• [Exercise directions]:
From the records below, transcribe exactly the lines that begin at the line with "Section Topology." and end at the line with "exists fl, [/\", both included.

• [Data for the task]:
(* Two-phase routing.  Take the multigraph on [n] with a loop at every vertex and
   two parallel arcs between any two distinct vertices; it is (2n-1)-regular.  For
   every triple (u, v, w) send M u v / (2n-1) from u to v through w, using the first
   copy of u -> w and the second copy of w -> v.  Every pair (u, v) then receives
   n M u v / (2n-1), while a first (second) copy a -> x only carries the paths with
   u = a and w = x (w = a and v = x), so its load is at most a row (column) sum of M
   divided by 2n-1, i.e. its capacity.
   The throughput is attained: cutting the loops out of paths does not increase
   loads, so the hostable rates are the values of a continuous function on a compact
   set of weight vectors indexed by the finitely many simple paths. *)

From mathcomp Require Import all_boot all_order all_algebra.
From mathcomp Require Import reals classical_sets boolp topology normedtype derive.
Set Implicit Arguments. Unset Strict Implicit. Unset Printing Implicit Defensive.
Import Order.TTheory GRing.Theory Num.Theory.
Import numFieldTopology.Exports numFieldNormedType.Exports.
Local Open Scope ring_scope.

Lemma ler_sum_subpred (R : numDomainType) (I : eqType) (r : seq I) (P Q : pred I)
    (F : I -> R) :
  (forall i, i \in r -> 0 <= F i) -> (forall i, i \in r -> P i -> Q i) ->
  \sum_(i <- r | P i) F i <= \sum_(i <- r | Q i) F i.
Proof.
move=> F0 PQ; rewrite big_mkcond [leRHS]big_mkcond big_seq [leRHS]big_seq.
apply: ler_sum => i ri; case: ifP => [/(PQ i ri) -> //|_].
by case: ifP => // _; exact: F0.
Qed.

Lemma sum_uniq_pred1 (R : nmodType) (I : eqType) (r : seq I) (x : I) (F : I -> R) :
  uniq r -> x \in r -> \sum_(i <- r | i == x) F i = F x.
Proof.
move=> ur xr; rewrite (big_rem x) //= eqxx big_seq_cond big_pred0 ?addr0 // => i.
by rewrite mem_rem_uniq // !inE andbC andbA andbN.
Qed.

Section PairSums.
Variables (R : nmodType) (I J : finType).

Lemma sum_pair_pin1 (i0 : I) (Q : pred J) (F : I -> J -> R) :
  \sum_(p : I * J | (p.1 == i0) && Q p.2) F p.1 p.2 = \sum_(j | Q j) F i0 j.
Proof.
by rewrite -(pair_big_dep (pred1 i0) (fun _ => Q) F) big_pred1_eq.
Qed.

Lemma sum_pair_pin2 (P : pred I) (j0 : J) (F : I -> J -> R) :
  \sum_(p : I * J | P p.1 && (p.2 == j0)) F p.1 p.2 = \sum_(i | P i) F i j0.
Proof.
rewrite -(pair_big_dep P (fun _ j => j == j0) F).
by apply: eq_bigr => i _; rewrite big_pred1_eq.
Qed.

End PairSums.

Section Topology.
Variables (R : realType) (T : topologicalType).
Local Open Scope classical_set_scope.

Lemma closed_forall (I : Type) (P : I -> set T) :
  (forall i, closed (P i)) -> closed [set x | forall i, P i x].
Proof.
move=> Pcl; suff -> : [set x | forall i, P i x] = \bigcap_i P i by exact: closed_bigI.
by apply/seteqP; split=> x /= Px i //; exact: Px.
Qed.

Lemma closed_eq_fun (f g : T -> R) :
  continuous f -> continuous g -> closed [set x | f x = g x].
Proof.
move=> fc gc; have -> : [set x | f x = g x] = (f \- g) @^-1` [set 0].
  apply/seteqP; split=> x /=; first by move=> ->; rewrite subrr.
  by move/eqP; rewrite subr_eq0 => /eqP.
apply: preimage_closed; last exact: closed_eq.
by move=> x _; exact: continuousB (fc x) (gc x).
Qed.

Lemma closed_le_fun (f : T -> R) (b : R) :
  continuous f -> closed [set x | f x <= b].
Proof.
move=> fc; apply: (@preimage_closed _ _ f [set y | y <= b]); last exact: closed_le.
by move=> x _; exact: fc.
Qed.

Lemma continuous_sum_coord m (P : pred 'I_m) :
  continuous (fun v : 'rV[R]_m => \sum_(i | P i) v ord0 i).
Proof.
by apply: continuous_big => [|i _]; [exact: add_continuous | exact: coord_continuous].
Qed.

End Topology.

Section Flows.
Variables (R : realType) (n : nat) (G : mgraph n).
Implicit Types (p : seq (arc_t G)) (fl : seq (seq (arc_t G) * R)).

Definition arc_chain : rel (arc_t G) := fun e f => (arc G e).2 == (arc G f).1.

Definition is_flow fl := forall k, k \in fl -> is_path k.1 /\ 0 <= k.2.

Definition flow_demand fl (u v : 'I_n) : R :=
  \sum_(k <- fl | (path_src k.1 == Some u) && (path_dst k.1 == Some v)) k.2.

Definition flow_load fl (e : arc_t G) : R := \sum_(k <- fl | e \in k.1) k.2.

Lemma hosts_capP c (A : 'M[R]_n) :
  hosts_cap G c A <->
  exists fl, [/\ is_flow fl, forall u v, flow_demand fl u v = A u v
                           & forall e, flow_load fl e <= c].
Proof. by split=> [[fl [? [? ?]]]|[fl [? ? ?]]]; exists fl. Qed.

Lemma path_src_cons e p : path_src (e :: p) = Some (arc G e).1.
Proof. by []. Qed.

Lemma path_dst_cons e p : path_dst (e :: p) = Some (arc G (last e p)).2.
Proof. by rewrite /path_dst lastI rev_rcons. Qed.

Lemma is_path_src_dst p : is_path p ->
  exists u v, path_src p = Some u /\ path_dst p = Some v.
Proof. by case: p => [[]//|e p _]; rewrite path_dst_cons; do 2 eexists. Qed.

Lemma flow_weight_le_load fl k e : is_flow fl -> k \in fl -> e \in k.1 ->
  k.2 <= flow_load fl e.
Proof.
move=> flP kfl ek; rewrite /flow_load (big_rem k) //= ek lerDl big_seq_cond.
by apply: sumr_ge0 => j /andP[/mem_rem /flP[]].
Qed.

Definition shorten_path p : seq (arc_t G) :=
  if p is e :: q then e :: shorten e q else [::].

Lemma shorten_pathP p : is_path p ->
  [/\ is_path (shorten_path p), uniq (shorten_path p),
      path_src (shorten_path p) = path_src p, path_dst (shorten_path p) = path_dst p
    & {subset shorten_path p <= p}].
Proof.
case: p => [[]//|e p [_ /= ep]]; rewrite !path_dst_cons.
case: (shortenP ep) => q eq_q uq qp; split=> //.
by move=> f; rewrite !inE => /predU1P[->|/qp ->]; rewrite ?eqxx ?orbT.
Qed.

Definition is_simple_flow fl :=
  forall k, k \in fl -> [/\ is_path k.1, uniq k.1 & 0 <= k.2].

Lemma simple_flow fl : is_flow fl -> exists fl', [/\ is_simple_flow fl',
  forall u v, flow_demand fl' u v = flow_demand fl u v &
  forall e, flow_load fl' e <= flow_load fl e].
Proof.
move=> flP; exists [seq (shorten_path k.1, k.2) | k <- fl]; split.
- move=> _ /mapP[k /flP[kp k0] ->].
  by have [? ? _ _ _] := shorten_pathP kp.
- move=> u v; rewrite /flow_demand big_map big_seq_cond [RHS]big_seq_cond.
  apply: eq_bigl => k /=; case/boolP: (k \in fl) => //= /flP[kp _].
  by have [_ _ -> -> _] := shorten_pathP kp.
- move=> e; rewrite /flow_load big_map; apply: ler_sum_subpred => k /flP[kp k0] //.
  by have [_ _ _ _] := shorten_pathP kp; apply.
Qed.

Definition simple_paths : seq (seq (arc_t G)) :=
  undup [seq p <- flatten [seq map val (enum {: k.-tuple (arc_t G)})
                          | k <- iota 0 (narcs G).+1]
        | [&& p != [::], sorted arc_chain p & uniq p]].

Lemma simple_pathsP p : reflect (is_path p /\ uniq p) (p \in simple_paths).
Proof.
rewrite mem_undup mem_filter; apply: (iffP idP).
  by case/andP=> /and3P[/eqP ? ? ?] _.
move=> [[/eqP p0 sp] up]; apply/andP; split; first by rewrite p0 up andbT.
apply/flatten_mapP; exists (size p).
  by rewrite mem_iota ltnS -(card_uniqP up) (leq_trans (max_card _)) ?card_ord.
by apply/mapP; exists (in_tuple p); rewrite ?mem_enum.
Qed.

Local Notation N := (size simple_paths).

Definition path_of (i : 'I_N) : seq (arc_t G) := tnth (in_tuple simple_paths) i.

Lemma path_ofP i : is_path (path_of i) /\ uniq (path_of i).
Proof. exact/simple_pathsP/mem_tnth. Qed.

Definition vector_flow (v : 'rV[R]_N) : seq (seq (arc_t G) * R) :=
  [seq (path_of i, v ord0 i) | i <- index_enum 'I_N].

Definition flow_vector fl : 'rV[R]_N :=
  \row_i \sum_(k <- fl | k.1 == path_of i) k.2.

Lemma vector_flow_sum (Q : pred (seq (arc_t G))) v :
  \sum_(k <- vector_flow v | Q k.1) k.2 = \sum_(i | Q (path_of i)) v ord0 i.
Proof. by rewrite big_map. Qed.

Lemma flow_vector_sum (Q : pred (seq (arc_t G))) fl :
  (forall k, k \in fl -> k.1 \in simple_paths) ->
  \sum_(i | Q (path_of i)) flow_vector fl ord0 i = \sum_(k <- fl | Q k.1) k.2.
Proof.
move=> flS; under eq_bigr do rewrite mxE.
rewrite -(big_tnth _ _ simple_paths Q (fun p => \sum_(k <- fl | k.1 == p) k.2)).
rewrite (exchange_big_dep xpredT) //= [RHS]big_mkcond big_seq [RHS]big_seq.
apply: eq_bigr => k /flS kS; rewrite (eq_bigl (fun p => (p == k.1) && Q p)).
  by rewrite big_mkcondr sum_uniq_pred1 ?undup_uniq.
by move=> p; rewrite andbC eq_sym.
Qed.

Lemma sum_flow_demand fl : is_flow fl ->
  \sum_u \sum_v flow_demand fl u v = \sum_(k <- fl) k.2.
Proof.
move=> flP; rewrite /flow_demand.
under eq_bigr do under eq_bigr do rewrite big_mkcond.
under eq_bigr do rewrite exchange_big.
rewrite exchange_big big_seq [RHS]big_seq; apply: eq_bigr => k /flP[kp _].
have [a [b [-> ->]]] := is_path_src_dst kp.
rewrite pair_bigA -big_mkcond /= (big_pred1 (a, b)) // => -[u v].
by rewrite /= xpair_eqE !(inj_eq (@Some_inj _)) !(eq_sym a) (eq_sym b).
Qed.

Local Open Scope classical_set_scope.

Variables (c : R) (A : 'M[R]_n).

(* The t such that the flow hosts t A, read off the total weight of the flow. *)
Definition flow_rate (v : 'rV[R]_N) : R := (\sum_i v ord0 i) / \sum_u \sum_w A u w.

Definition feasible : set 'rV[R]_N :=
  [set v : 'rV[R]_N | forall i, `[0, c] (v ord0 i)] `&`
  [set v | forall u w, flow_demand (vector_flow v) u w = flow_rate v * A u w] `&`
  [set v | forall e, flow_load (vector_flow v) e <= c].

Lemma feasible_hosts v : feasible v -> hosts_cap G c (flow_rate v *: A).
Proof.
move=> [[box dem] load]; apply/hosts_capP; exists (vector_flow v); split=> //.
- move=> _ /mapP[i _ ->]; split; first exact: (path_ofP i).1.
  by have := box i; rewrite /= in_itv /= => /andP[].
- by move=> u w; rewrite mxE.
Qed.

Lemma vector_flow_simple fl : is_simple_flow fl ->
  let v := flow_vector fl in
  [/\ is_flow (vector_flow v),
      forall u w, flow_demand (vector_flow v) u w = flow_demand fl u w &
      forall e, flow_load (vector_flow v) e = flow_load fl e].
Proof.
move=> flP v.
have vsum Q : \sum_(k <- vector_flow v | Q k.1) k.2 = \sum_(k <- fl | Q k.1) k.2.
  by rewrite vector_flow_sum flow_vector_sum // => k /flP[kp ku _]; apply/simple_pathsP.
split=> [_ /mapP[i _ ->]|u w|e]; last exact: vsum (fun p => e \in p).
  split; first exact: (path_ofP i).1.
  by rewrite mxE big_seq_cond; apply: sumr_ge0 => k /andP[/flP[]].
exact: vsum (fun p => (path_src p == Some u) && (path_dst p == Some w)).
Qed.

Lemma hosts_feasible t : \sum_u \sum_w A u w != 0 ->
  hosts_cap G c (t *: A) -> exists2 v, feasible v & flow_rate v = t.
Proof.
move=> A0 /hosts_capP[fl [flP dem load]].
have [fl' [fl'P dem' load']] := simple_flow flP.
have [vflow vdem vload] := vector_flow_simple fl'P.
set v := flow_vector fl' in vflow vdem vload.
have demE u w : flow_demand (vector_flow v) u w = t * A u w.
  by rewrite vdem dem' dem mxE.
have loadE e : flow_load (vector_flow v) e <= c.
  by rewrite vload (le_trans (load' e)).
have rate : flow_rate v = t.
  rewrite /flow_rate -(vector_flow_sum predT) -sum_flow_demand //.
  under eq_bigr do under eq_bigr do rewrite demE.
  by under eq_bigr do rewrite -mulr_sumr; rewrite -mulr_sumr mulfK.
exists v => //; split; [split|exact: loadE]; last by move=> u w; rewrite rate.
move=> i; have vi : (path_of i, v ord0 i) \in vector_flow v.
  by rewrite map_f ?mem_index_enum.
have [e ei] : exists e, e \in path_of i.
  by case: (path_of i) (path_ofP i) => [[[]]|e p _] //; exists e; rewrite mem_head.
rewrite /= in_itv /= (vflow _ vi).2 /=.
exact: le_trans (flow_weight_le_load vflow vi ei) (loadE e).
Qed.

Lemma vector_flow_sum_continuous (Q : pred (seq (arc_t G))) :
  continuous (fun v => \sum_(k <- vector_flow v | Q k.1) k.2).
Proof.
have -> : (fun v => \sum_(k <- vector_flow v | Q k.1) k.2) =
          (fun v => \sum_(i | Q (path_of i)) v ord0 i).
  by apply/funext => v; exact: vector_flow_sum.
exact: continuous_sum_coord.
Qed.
==
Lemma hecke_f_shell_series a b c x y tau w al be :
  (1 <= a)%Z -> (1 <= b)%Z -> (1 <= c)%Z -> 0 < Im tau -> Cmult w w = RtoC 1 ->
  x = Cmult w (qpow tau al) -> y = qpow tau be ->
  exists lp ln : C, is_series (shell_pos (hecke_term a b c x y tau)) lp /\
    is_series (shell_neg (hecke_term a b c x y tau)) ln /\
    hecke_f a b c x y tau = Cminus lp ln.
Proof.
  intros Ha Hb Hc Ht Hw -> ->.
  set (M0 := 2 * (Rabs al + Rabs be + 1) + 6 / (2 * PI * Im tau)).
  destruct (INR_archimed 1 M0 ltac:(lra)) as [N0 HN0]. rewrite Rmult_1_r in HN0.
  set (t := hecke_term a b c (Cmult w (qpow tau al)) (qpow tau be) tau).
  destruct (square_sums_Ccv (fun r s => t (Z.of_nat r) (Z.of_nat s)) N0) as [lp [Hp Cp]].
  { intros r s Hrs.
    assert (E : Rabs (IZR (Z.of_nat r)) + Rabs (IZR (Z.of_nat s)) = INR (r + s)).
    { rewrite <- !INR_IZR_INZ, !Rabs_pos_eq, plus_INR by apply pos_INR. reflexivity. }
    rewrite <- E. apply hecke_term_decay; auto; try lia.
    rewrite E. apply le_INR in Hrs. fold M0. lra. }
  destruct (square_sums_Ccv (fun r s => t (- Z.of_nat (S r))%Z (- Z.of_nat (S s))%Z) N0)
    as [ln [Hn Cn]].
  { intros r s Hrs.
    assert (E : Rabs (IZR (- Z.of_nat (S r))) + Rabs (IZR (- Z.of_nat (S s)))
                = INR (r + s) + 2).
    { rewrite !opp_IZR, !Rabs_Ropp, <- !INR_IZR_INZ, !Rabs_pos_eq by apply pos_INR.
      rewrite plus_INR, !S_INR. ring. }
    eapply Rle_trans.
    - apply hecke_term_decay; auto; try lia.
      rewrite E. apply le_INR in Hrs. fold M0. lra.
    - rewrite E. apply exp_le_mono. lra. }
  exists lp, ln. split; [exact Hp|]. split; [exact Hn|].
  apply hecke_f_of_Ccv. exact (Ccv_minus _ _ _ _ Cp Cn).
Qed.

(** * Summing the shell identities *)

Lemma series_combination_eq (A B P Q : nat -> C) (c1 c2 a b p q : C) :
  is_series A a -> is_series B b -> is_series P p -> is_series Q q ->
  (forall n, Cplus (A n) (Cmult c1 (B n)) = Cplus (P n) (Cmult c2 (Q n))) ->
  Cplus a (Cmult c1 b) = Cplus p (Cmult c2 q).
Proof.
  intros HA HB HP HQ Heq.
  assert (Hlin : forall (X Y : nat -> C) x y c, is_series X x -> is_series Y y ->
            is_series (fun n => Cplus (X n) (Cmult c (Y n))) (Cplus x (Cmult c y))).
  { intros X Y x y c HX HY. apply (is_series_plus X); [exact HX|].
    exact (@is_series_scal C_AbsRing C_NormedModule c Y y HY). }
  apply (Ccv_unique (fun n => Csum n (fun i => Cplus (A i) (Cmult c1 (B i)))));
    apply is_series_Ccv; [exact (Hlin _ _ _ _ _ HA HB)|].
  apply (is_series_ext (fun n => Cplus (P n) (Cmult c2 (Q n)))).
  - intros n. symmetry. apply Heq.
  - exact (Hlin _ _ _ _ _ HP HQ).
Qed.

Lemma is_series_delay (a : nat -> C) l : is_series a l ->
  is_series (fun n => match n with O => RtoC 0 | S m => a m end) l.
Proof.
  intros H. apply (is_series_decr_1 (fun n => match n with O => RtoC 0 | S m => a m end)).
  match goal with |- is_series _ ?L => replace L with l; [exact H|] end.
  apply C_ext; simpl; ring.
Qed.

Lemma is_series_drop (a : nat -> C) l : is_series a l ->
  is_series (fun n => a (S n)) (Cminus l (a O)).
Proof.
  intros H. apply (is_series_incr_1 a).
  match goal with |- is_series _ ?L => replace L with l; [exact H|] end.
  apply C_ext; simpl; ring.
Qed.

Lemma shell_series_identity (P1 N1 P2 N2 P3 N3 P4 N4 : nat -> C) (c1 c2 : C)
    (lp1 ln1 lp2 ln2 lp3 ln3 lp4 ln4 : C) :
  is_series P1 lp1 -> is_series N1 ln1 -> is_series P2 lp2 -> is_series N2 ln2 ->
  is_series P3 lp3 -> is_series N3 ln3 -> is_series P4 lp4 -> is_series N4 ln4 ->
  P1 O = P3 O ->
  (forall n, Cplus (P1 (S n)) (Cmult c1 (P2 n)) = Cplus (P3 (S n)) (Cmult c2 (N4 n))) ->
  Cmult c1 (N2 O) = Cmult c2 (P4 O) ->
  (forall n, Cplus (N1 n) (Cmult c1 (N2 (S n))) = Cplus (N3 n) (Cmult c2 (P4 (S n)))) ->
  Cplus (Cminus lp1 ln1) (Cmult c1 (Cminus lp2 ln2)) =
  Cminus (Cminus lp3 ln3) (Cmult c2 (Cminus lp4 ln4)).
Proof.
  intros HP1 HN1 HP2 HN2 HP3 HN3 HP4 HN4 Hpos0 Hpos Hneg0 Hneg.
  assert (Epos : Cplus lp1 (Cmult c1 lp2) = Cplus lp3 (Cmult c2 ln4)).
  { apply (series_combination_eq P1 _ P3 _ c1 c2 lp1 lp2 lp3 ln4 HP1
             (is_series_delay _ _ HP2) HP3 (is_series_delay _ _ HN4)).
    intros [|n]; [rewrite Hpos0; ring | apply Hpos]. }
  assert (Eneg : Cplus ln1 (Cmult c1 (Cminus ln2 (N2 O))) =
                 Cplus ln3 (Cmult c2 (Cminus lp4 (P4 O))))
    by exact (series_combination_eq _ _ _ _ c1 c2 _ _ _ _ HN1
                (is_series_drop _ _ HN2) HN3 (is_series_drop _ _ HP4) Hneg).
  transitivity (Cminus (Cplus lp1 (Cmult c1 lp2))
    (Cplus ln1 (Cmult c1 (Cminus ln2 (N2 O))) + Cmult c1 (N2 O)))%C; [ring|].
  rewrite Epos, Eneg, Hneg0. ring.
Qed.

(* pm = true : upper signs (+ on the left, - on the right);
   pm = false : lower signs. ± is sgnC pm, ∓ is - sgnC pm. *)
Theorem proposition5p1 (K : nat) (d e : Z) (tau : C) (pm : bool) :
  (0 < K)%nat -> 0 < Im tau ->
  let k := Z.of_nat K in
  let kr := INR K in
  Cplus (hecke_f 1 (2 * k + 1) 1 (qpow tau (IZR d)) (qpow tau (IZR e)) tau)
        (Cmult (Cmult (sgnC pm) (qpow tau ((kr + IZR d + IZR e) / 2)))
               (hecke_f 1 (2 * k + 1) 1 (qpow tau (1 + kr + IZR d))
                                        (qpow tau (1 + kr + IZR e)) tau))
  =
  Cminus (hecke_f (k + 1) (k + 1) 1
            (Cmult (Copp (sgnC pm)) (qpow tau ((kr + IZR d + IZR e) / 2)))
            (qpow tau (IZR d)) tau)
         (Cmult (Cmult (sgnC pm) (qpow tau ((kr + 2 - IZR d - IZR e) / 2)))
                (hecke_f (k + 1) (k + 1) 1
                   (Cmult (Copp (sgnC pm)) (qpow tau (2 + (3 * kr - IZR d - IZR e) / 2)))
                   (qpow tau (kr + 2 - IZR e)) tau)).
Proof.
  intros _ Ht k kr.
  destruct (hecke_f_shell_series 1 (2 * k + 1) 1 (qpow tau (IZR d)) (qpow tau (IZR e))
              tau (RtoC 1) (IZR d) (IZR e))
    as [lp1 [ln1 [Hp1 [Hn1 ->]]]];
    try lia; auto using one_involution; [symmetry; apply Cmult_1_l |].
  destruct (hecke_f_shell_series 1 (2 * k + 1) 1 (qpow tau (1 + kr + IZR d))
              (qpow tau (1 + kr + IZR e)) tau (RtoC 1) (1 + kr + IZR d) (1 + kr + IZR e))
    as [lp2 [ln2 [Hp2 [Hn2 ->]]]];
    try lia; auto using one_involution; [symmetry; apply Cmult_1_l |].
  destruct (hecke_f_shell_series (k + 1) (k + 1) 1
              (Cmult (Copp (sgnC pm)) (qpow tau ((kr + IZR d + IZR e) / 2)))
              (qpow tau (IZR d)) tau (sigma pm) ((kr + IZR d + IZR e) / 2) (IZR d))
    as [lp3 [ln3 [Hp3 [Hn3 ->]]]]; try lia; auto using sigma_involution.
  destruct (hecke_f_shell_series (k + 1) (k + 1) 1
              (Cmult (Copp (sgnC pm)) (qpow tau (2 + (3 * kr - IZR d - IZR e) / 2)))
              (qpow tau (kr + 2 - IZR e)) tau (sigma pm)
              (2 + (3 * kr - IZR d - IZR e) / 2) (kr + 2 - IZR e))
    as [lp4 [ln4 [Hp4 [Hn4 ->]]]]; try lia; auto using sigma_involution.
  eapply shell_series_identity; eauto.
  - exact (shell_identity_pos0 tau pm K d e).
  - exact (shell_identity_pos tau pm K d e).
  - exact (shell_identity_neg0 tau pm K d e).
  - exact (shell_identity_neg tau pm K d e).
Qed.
* * *
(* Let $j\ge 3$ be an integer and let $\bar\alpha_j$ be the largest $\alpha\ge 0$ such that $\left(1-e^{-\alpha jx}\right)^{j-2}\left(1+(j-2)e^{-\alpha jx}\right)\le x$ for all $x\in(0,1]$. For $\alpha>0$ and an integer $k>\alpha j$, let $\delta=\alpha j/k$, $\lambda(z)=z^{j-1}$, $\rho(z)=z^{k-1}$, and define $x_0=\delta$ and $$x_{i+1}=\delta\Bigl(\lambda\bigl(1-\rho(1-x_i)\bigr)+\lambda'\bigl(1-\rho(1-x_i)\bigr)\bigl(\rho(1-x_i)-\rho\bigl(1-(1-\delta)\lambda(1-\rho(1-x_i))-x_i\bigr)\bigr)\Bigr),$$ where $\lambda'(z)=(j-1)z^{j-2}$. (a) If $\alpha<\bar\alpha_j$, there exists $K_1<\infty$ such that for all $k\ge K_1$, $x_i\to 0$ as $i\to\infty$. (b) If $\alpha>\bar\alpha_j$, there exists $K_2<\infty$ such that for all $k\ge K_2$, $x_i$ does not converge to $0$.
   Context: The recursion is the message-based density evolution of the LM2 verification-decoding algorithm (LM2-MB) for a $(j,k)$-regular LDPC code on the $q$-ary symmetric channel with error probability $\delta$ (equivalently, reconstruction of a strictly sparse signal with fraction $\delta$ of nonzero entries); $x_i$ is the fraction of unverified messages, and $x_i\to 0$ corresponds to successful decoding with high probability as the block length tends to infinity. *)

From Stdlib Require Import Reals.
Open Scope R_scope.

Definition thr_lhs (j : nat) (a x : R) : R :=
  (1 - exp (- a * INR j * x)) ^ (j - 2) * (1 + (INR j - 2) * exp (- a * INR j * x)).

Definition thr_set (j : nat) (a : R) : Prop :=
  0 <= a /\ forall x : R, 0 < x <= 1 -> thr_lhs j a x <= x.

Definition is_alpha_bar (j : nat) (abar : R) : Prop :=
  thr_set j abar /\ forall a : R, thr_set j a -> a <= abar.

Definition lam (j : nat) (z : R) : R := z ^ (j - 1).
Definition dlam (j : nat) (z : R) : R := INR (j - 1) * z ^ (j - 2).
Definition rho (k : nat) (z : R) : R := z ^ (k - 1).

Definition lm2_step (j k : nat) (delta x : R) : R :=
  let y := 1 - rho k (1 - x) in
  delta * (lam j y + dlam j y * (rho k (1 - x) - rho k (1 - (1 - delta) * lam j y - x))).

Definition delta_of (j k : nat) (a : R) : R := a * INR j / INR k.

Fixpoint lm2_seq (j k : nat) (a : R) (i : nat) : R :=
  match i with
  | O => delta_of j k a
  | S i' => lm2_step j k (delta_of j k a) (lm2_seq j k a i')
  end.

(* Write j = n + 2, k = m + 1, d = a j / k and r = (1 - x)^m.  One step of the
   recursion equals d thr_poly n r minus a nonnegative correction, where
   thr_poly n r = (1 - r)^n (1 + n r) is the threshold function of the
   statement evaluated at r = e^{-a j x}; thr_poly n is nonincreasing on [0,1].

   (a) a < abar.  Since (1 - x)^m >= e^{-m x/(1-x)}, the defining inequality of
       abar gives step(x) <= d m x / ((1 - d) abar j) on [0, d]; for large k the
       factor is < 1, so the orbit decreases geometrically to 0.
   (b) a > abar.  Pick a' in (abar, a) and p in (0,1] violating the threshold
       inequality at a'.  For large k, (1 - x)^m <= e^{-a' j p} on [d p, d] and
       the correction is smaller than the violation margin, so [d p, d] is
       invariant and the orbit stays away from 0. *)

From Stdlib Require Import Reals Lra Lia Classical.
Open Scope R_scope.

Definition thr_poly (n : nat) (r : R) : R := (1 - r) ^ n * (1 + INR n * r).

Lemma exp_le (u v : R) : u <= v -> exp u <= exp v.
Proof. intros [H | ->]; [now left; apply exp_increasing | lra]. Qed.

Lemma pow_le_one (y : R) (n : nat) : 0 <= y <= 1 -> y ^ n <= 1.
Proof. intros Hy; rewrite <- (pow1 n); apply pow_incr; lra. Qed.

• [Answer to this exercise]:
Section Topology.
Variables (R : realType) (T : topologicalType).
Local Open Scope classical_set_scope.

Lemma closed_forall (I : Type) (P : I -> set T) :
  (forall i, closed (P i)) -> closed [set x | forall i, P i x].
Proof.
move=> Pcl; suff -> : [set x | forall i, P i x] = \bigcap_i P i by exact: closed_bigI.
by apply/seteqP; split=> x /= Px i //; exact: Px.
Qed.

Lemma closed_eq_fun (f g : T -> R) :
  continuous f -> continuous g -> closed [set x | f x = g x].
Proof.
move=> fc gc; have -> : [set x | f x = g x] = (f \- g) @^-1` [set 0].
  apply/seteqP; split=> x /=; first by move=> ->; rewrite subrr.
  by move/eqP; rewrite subr_eq0 => /eqP.
apply: preimage_closed; last exact: closed_eq.
by move=> x _; exact: continuousB (fc x) (gc x).
Qed.

Lemma closed_le_fun (f : T -> R) (b : R) :
  continuous f -> closed [set x | f x <= b].
Proof.
move=> fc; apply: (@preimage_closed _ _ f [set y | y <= b]); last exact: closed_le.
by move=> x _; exact: fc.
Qed.

Lemma continuous_sum_coord m (P : pred 'I_m) :
  continuous (fun v : 'rV[R]_m => \sum_(i | P i) v ord0 i).
Proof.
by apply: continuous_big => [|i _]; [exact: add_continuous | exact: coord_continuous].
Qed.

End Topology.

Section Flows.
Variables (R : realType) (n : nat) (G : mgraph n).
Implicit Types (p : seq (arc_t G)) (fl : seq (seq (arc_t G) * R)).

Definition arc_chain : rel (arc_t G) := fun e f => (arc G e).2 == (arc G f).1.

Definition is_flow fl := forall k, k \in fl -> is_path k.1 /\ 0 <= k.2.

Definition flow_demand fl (u v : 'I_n) : R :=
  \sum_(k <- fl | (path_src k.1 == Some u) && (path_dst k.1 == Some v)) k.2.

Definition flow_load fl (e : arc_t G) : R := \sum_(k <- fl | e \in k.1) k.2.

Lemma hosts_capP c (A : 'M[R]_n) :
  hosts_cap G c A <->
  exists fl, [/\ is_flow fl, forall u v, flow_demand fl u v = A u v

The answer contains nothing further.